When hydrogen is used as an energy source, a method of using sodium borohydride (NaBH ₄ ) as a hydrogen storage material that fixes hydrogen has been studied (Patent Document 1). This sodium borohydride easily undergoes a hydrolysis reaction with water to produce hydrogen and sodium metaborate, and therefore the efficient use of energy sources can be achieved by extracting hydrogen gas and reusing sodium metaborate.

In Patent Document 1, a mixture containing sodium metaborate (NaBO ₂ ) and metallic aluminum is heated in a hydrogen atmosphere to generate protide (H ⁻ ) on the surface of the metallic aluminum, thereby producing sodium borohydride as a hydrogen storage material (represented by the following formula (1)).
NaBO ₂ +4/3Al+2H ₂ → NaBH ₄ +2/3Al ₂ O ₃ ...(1)

JP 2014-181174 A

As mentioned above, in the production of sodium borohydride in Patent Document 1, sodium metaborate and aluminum are mixed together, so it was necessary to separate the aluminum oxide by-product after the reaction.

The present invention aims to provide a hydrogen fixation method and device that achieves excellent reaction efficiency between sodium metaborate and hydrogen without using a catalyst.

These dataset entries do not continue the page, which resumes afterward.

Definition P_xi_delta (xi : 'I_L.+1 -> bool -> R) (delta2 : R)
  (P : triple -> R) : Prop :=
  pmf_on_W P /\
  \sum_(w : triple) P w *
      (((w.2 : nat)%:R - cMU w.1.1 w.1.2) * xi w.1.1 w.1.2)
  <= delta2 / 3 +
     Num.sqrt ((delta2 / 3) ^+ 2 +
       2 * delta2 * \sum_(M : 'I_L.+1) \sum_(U : bool)
          marg_MU P M U * (cMU M U * (1 - cMU M U) * (xi M U) ^+ 2)).

Definition emp_type (s : seq triple) : triple -> R :=
  fun w => (count_mem w s)%:R / (size s)%:R.

Definition triples (ms : seq 'I_L.+1) (us xs : seq bool) : seq triple :=
  zip (zip ms us) xs.

Definition bern_prod (ms : seq 'I_L.+1) (us xs : seq bool) : R :=
  \prod_(t <- triples ms us xs)
    (cMU t.1.1 t.1.2 ^+ (t.2 : nat) * (1 - cMU t.1.1 t.1.2) ^+ (1 - (t.2 : nat))).

End Defs.

From HB Require Import structures.
From mathcomp Require Import all_boot all_order all_algebra.
From mathcomp Require Import all_classical all_reals all_analysis.
From mathcomp Require Import ring lra zify.
Import Order.TTheory GRing.Theory Num.Theory.
Local Open Scope ring_scope.

(* Condition on the sample size n and on (m^n, u^n).  The x_k are then
   independent Bernoulli(c_k) with c_k = c(m_k, u_k), and the type of the
   sample leaves P^{xi,delta} exactly when the centred sum
   S = sum_k (x_k - c_k) xi_k exceeds
   a = n (delta/3 + sqrt((delta/3)^2 + 2 delta V/n)),
   where V = sum_k c_k (1 - c_k) xi_k^2.  A Chernoff bound, with the estimate
   exp z <= 1 + z + z^2 / (2 (1 - lam/3)) for |z| <= lam < 3, gives Bernstein's
   inequality P(S > a) <= exp(-a^2 / (2 (V + a/3))), and a is precisely the
   threshold at which this exponent equals n delta.  Hence each conditional
   probability is at most exp(-n delta(n)) <= eta2, and the claim follows by
   summing over the countably many values of (N, m^N, u^N). *)

Fixpoint bitseqs (n : nat) : seq bitseq :=
  if n is n'.+1 then [seq b :: xs | b <- [:: true; false], xs <- bitseqs n']
  else [:: [::]].

Lemma bitseqsS n :
  bitseqs n.+1 = [seq b :: xs | b <- [:: true; false], xs <- bitseqs n].
Proof. by []. Qed.

Lemma mem_bitseqs n xs : (xs \in bitseqs n) = (size xs == n).
Proof.
elim: n xs => [|n IHn] [|b xs] //; rewrite bitseqsS.
  by apply/negbTE/allpairsP => -[[? ?] []].
rewrite eqSS -IHn; apply/idP/idP => [/allpairsP[[? ?] [_ ? [_ ->]]] // | xs_n].
by apply/allpairsP; exists (b, xs); case: b.
Qed.

Lemma uniq_bitseqs n : uniq (bitseqs n).
Proof.
elim: n => [|n IHn] //; rewrite bitseqsS.
by apply: allpairs_uniq => // -[b xs] [c ys] _ _ [-> ->].
Qed.

Lemma mem_zip_fst (S T : eqType) (s : seq S) (t : seq T) w :
  w \in zip s t -> w.1 \in s.
Proof.
elim: s t => [|a s IHs] [|b t] //=.
by rewrite !inE => /orP[/eqP -> | /IHs ->]; rewrite ?eqxx ?orbT.
Qed.

Lemma big_bitseqs_zip (R : pzSemiRingType) (I : Type) (ps : seq I)
    (g : I * bool -> R) :
  \sum_(xs <- bitseqs (size ps)) \prod_(w <- zip ps xs) g w =
  \prod_(p <- ps) (g (p, true) + g (p, false)).
Proof.
elim: ps => [|p ps IHps]; first by rewrite big_seq1 !big_nil.
rewrite bitseqsS big_allpairs_dep big_cons big_seq1 big_cons -IHps mulrDl !mulr_sumr.
by congr (_ + _); apply: eq_bigr => xs _; rewrite big_cons.
Qed.

Lemma big_zip_fst (R : Type) (idx : R) (op : R -> R -> R) (S T : Type)
    (s : seq S) (t : seq T) (F : S -> R) :
  (size s <= size t)%N -> \big[op/idx]_(w <- zip s t) F w.1 = \big[op/idx]_(p <- s) F p.
Proof. by move=> st; rewrite -[in RHS](unzip1_zip st) big_map. Qed.

Lemma sum_count_mem (R : pzSemiRingType) (T : finType) (s : seq T) (F : T -> R) :
  \sum_(w : T) (count_mem w s)%:R * F w = \sum_(w <- s) F w.
Proof.
elim: s => [|a s IHs]; first by rewrite big_nil big1 // => w _; rewrite mul0r.
rewrite big_cons -IHs /=; under eq_bigr do rewrite natrD mulrDl.
rewrite big_split /= (bigD1 a) //= eqxx mul1r big1 ?addr0 // => w.
by rewrite eq_sym => /negbTE ->; rewrite mul0r.
Qed.

Lemma ler_sum_subpred (R : numDomainType) (I : eqType) (r : seq I) (P Q : pred I)
    (F : I -> R) :
  {in r, forall i, P i -> Q i} -> {in r, forall i, 0 <= F i} ->
  \sum_(i <- r | P i) F i <= \sum_(i <- r | Q i) F i.
Proof.
move=> PQ F_ge0; rewrite big_seq_cond [X in _ <= X]big_seq_cond.
rewrite big_mkcond [X in _ <= X]big_mkcond /=; apply: ler_sum => i _.
case: (boolP (i \in r)) => //= i_r.
by case: ifP => [/(PQ _ i_r) -> // | _]; case: ifP => // _; exact: F_ge0.
Qed.

Lemma leq_mul2_exp3_fact k : (2 * 3 ^ k <= k.+2`!)%N.
Proof. by elim: k => [|k IHk] //; rewrite factS expnS mulnCA leq_mul. Qed.

Section ExpQuadraticBound.
Context {R : realType}.

Lemma exp_coeff_le_geometric (lam z : R) k : `|z| <= lam ->
  exp_coeff z k.+2 <= geometric (z ^+ 2 / 2) (lam / 3) k.
Proof.
move=> z_le_lam; have lam_ge0 : 0 <= lam := le_trans (normr_ge0 z) z_le_lam.
rewrite exp_coeffE /=; apply: (le_trans (ler_norm _)).
rewrite normrM normfV normr_nat normrX.
have -> : `|z| ^+ k.+2 = z ^+ 2 * `|z| ^+ k.
  by rewrite -addn2 exprD real_normK ?num_real // mulrC.
have fact_ge : (2 * 3 ^ k)%:R <= k.+2`!%:R :> R.
  by rewrite ler_nat leq_mul2_exp3_fact.
have -> : z ^+ 2 / 2 * (lam / 3) ^+ k = (2 * 3 ^ k)%:R^-1 * (z ^+ 2 * lam ^+ k).
  by rewrite expr_div_n natrM natrX; field; rewrite expf_neq0.
apply: ler_pM; rewrite ?invr_ge0 ?ler0n ?(mulr_ge0 (sqr_ge0 _)) ?exprn_ge0 //.
- by rewrite lef_pV2 ?posrE ?ltr0n ?muln_gt0 ?expn_gt0 ?fact_gt0.
- by rewrite ler_wpM2l ?sqr_ge0 // lerXn2r ?nnegrE.
Qed.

The present invention solves the above problems by any one of the following [1] to [6].
[1] A hydrogen fixation method for immobilizing hydrogen by bringing sodium metaborate into contact with hydrogen gas in a reaction vessel containing sodium metaborate to generate sodium borohydride;
[2] The hydrogen fixation method according to the above [1], wherein a catalyst is not contained in a reaction vessel;
[3] The hydrogen fixation method according to the above [1] or [2], wherein the temperature in the reaction vessel is 100 to 500° C.;
[4] The hydrogen fixation method according to any one of the above [1] to [3], wherein the hydrogen gas is generated by a reaction between a metal having hydrogen storage capacity and water vapor;
[5] A hydrogen fixation device comprising a reaction vessel for introducing sodium metaborate, a hydrogen gas supplying means for supplying hydrogen gas to the reaction vessel, and a reaction control means for reacting the supplied hydrogen gas with sodium metaborate in the reaction vessel;
[6] The hydrogen fixation device according to the above [5], wherein the hydrogen gas supply means is a means for supplying hydrogen gas generated by a reaction between a metal having hydrogen storage capacity and water vapor under pressurized conditions.

The present invention provides a hydrogen fixation method and device that achieves excellent reaction efficiency between sodium metaborate and hydrogen without using a catalyst.

1 is a schematic diagram showing a configuration of an apparatus used to carry out a hydrogen fixation method according to at least one embodiment of the present invention. FIG. 2 is a schematic diagram for explaining the structure of a reaction vessel used in carrying out the hydrogenation fixation method.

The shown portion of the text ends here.